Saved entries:
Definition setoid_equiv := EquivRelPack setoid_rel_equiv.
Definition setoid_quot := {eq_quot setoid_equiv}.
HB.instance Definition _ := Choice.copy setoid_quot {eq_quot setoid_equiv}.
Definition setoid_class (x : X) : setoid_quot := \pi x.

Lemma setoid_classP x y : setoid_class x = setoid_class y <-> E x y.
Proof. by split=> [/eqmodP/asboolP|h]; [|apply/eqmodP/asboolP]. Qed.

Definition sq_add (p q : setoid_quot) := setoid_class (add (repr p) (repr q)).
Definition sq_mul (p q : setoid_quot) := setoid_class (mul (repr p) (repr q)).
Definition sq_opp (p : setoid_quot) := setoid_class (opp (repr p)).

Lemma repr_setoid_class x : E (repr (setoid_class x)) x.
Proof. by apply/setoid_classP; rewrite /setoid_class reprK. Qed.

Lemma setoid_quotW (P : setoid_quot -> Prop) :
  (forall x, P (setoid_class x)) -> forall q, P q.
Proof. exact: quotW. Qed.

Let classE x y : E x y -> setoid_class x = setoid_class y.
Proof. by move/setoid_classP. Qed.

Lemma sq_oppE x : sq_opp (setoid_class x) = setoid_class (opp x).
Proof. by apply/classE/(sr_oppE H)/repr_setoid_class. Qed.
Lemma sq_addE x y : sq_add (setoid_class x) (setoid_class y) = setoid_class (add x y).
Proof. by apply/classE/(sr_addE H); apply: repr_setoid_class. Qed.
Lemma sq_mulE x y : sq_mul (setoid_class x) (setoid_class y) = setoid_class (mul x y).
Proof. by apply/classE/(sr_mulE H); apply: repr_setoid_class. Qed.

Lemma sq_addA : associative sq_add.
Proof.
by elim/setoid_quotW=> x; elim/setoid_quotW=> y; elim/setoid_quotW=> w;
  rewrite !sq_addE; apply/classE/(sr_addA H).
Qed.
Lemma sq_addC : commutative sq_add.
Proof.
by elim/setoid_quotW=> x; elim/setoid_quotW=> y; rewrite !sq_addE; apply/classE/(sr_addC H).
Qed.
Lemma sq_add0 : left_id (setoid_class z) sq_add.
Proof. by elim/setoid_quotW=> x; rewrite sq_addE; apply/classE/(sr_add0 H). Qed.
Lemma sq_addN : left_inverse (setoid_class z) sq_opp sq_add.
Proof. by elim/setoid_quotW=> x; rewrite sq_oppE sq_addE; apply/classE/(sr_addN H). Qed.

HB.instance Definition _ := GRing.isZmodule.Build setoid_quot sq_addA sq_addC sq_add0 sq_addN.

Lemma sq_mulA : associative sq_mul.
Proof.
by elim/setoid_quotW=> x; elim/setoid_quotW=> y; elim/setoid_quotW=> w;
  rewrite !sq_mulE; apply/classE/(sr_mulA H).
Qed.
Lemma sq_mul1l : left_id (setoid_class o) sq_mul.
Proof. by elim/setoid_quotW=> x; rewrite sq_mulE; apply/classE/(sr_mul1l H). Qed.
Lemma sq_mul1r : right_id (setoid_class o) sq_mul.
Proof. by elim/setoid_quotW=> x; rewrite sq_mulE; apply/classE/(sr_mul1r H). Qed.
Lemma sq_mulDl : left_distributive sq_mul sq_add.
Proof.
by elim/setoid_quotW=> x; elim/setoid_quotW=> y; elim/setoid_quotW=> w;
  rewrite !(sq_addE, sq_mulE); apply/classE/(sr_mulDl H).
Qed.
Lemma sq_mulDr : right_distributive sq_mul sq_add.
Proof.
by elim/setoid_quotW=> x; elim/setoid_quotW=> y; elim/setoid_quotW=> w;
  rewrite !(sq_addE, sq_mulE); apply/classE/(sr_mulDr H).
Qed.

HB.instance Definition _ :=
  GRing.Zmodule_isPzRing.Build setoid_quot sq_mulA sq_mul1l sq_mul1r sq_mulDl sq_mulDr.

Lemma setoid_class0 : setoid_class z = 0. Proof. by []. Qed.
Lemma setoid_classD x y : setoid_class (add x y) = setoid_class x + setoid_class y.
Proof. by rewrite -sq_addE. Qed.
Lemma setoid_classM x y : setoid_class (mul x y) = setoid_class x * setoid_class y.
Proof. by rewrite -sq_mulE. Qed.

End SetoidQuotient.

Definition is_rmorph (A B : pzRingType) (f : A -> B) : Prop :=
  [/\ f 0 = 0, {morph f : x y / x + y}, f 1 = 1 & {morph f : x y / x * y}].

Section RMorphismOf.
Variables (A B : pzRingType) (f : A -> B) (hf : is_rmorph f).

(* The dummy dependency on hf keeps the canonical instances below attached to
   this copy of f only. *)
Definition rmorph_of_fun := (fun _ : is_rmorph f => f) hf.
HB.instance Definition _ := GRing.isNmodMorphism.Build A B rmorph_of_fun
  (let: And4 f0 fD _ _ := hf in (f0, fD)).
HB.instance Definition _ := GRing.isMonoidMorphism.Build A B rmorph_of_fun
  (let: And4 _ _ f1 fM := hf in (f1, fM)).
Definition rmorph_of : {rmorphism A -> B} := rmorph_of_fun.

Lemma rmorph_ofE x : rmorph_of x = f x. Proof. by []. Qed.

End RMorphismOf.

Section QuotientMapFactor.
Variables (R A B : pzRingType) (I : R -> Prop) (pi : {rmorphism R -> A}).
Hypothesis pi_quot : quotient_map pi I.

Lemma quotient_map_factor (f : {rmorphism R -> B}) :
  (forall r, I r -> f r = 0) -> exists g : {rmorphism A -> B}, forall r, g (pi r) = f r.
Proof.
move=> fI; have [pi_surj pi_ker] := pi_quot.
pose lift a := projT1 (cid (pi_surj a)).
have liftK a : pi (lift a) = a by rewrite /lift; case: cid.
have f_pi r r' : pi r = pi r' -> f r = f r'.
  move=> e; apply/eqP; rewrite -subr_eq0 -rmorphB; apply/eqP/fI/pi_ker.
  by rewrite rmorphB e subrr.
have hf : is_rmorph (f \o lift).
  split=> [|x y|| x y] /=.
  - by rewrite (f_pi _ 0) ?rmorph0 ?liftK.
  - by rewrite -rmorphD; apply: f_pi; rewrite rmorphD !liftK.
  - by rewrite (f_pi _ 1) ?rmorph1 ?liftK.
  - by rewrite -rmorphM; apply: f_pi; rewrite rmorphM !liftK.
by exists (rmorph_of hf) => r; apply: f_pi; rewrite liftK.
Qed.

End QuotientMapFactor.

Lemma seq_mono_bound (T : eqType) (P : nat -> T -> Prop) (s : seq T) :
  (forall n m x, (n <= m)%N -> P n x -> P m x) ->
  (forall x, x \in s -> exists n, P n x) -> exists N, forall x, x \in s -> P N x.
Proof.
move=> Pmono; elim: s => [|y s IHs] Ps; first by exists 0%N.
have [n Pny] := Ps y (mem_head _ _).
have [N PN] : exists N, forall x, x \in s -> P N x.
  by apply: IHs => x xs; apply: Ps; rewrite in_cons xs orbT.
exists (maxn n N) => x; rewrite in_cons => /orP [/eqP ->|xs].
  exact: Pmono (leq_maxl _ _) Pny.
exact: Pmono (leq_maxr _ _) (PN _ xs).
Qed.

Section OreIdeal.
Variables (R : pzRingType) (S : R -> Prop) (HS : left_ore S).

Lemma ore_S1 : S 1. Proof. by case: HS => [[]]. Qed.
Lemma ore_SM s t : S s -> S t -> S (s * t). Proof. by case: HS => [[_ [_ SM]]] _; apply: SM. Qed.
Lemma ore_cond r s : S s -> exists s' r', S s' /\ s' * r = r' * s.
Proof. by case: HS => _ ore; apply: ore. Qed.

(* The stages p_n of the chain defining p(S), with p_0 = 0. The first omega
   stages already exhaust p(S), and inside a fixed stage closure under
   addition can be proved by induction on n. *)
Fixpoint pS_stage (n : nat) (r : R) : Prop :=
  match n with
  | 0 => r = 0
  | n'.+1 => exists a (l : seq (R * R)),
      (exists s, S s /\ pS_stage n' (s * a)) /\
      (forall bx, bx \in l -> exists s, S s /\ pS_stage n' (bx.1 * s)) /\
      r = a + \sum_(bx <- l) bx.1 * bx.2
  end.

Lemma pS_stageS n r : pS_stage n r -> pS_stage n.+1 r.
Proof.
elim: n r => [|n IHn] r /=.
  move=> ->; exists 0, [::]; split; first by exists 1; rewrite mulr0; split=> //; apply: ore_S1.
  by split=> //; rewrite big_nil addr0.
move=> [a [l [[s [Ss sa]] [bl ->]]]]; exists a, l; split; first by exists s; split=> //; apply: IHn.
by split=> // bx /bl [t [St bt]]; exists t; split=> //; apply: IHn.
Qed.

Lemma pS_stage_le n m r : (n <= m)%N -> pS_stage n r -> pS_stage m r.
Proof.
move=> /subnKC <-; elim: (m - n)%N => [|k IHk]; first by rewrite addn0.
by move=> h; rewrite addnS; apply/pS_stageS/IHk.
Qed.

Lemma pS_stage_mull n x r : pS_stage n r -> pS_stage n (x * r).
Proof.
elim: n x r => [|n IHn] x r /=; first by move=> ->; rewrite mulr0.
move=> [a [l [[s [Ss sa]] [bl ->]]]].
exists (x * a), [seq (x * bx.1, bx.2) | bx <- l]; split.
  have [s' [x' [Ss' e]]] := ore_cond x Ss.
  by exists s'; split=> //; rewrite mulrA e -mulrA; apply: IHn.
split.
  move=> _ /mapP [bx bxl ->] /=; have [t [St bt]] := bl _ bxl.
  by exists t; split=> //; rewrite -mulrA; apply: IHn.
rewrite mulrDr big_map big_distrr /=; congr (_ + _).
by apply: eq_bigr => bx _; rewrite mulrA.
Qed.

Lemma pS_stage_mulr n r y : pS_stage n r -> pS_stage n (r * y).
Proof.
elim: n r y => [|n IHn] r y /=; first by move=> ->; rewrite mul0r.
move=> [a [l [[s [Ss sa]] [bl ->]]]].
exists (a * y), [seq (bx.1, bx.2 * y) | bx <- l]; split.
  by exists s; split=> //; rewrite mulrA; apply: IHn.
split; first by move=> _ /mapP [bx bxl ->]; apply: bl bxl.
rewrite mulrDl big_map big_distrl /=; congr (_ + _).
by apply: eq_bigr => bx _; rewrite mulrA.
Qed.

• **WORK ORDER**: Review the entries above and return every line where "exact" appears.

• **WORKED SOLUTION**:
Proof. exact: quotW. Qed.
  exact: Pmono (leq_maxl _ _) Pny.
exact: Pmono (leq_maxr _ _) (PN _ xs).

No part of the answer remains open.